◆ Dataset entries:
◇ ◇ ◇ ◇ ◇ ◇ ◇
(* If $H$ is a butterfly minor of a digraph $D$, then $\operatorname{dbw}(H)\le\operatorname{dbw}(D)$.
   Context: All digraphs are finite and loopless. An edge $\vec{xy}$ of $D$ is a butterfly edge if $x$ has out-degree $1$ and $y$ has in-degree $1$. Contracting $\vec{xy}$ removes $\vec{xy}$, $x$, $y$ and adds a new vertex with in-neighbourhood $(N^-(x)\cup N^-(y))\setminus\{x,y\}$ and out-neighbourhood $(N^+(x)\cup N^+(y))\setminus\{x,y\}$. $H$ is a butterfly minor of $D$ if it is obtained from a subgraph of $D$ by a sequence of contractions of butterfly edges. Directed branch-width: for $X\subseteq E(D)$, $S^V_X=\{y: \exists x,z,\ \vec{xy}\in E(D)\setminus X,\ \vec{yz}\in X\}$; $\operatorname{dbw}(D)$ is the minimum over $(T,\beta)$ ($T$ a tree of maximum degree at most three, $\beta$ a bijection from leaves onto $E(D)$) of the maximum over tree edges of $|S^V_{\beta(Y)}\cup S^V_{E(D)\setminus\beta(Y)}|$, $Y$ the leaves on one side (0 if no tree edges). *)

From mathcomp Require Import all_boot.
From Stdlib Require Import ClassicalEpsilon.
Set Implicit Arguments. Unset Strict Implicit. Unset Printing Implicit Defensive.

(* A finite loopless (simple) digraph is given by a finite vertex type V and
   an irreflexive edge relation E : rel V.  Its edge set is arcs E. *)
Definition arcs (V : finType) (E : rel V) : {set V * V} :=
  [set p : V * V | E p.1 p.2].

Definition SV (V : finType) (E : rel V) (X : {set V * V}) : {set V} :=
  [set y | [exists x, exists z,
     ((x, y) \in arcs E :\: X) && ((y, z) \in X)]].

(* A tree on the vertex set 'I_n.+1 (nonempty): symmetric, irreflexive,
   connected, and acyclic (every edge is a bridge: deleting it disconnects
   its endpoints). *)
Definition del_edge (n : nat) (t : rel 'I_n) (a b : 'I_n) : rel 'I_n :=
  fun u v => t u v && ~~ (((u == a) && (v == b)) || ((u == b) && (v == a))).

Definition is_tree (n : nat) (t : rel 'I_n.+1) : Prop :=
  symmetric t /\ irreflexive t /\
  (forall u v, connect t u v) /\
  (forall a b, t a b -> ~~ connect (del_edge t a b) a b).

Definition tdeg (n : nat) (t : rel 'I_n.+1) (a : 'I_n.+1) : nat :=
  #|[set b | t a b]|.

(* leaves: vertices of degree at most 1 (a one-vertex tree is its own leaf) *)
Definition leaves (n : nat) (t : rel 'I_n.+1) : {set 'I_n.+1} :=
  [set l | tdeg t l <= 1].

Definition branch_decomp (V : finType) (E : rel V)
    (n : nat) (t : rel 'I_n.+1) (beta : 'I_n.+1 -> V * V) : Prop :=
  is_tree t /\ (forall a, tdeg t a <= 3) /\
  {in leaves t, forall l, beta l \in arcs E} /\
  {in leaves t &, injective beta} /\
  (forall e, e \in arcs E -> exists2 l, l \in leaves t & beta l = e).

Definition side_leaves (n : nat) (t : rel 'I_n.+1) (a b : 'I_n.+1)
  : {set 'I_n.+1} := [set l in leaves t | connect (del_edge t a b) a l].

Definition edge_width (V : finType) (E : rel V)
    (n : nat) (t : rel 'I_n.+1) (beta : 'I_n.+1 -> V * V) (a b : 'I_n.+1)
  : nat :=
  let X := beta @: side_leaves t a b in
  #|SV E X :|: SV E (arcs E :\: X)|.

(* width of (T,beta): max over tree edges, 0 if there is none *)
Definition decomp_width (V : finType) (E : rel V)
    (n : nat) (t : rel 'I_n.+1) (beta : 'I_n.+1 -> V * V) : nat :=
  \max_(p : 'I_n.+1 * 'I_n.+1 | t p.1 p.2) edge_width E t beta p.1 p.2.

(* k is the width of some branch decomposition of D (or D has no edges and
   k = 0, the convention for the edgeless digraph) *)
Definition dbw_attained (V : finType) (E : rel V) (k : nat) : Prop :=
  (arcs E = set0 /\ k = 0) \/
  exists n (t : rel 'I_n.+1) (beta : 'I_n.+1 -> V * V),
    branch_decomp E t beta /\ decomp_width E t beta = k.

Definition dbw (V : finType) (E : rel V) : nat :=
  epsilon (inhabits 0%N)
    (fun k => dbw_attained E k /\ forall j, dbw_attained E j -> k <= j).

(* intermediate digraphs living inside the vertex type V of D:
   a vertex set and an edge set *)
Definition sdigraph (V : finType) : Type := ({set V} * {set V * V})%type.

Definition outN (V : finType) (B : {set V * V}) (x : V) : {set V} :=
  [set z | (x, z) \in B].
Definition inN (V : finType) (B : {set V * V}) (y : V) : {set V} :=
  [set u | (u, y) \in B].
◇ ◇ ◇ ◇ ◇ ◇ ◇
◆ TASK DESCRIPTION: Search the data for the string "butterfly" and copy each line where it appears.

◆ SOLUTION FOR THIS PROBLEM:
(* If $H$ is a butterfly minor of a digraph $D$, then $\operatorname{dbw}(H)\le\operatorname{dbw}(D)$.
   Context: All digraphs are finite and loopless. An edge $\vec{xy}$ of $D$ is a butterfly edge if $x$ has out-degree $1$ and $y$ has in-degree $1$. Contracting $\vec{xy}$ removes $\vec{xy}$, $x$, $y$ and adds a new vertex with in-neighbourhood $(N^-(x)\cup N^-(y))\setminus\{x,y\}$ and out-neighbourhood $(N^+(x)\cup N^+(y))\setminus\{x,y\}$. $H$ is a butterfly minor of $D$ if it is obtained from a subgraph of $D$ by a sequence of contractions of butterfly edges. Directed branch-width: for $X\subseteq E(D)$, $S^V_X=\{y: \exists x,z,\ \vec{xy}\in E(D)\setminus X,\ \vec{yz}\in X\}$; $\operatorname{dbw}(D)$ is the minimum over $(T,\beta)$ ($T$ a tree of maximum degree at most three, $\beta$ a bijection from leaves onto $E(D)$) of the maximum over tree edges of $|S^V_{\beta(Y)}\cup S^V_{E(D)\setminus\beta(Y)}|$, $Y$ the leaves on one side (0 if no tree edges). *)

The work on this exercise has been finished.